Introduction

Prostate cancer (PCa) is the most common cancer in men [1]. Due to demographic developments and an increase of aggressive tumours in younger patients, PCa nowadays is ranked as second leading cause for male cancer death [2]. New diagnostic technologies like multi-parametric magnetic resonance imaging (mpMRI) enable improved detection of clinically relevant PCa. Therefore, MRI-targeted prostate biopsy (PBx) currently represents the standard method for PCa diagnosis. PBx can be performed via a transrectal (TR) or a transperineal (TP) approach, both of which have advantages and disadvantages. TR PBx can be performed under local anaesthesia (LA) in an outpatient setting and therefore represents the standard in-office technique.
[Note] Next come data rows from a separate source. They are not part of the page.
(* Let $P$ be the set of $n\geq 3$ points equally spaced on the unit circle. Every $t$-spanner on $P$ with $t<2$ that has tree-width $2$ is plane.
   Context: A $t$-spanner on $P$ is a graph with vertex set $P$, edges weighted by Euclidean distance, such that for all $p\neq p'\in P$ the shortest-path distance between $p$ and $p'$ is at most $t$ times their Euclidean distance. Plane means the straight-line drawing with vertices at the points of $P$ has no edge crossings. *)

From Stdlib Require Import Reals.
From mathcomp Require Import all_boot.
Set Implicit Arguments. Unset Strict Implicit. Unset Printing Implicit Defensive.

Local Open Scope R_scope.

Definition pt := (R * R)%type.

Definition eucl (p q : pt) : R :=
  sqrt ((fst p - fst q) ^ 2 + (snd p - snd q) ^ 2).

Definition circ_pt (n : nat) (k : 'I_n) : pt :=
  (cos (2 * PI * INR k / INR n), sin (2 * PI * INR k / INR n)).

Definition simple_graph (n : nat) (e : rel 'I_n) : Prop :=
  (forall x y, e x y = e y x) /\ (forall x, e x x = false).

Fixpoint walk_len (n : nat) (x : 'I_n) (s : seq 'I_n) : R :=
  match s with
  | [::] => 0
  | y :: s' => eucl (circ_pt x) (circ_pt y) + walk_len y s'
  end.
In the US, the overwhelming majority of biopsies are performed via a TR approach (93.1–99.2%) [3]. Due to the passage of needles through the rectum, patients are at risk for infectious complications. The incidence of cystitis, prostatitis, epididymitis and sepsis ranges between 5 and 7%. Admission rates of up to 2% are reported, despite the use of antibiotic prophylaxis [4,5,6]. Infection rates after TP PBx are significantly lower [7, 8]. However, TP PBx is usually performed under general or spinal anaesthesia. Recent cost analyses comparing TP PBx under general anaesthesia to TR PBx demonstrated 153% higher costs for the TP procedure [9]. Therefore, TP PBx is considered not suitable as an “in-office procedure”, and the associated logistic barrier (need for general or spinal anaesthesia) has impeded its widespread use [10]. Accordingly, the percentage of TP PBx performed in the US during the period between 2009 and 2017 is stagnating well below 1% [3]. Furthermore, MRI-targeted PBx requires specialised training and software based biopsy systems. Free-hand cognitive fusion techniques, however, may represent an alternative method for the in-office application [11]. Current results could demonstrate excellent cancer detection rates via perineal approaches, most probably due to the easier access and detection of anterior tumours [12, 13].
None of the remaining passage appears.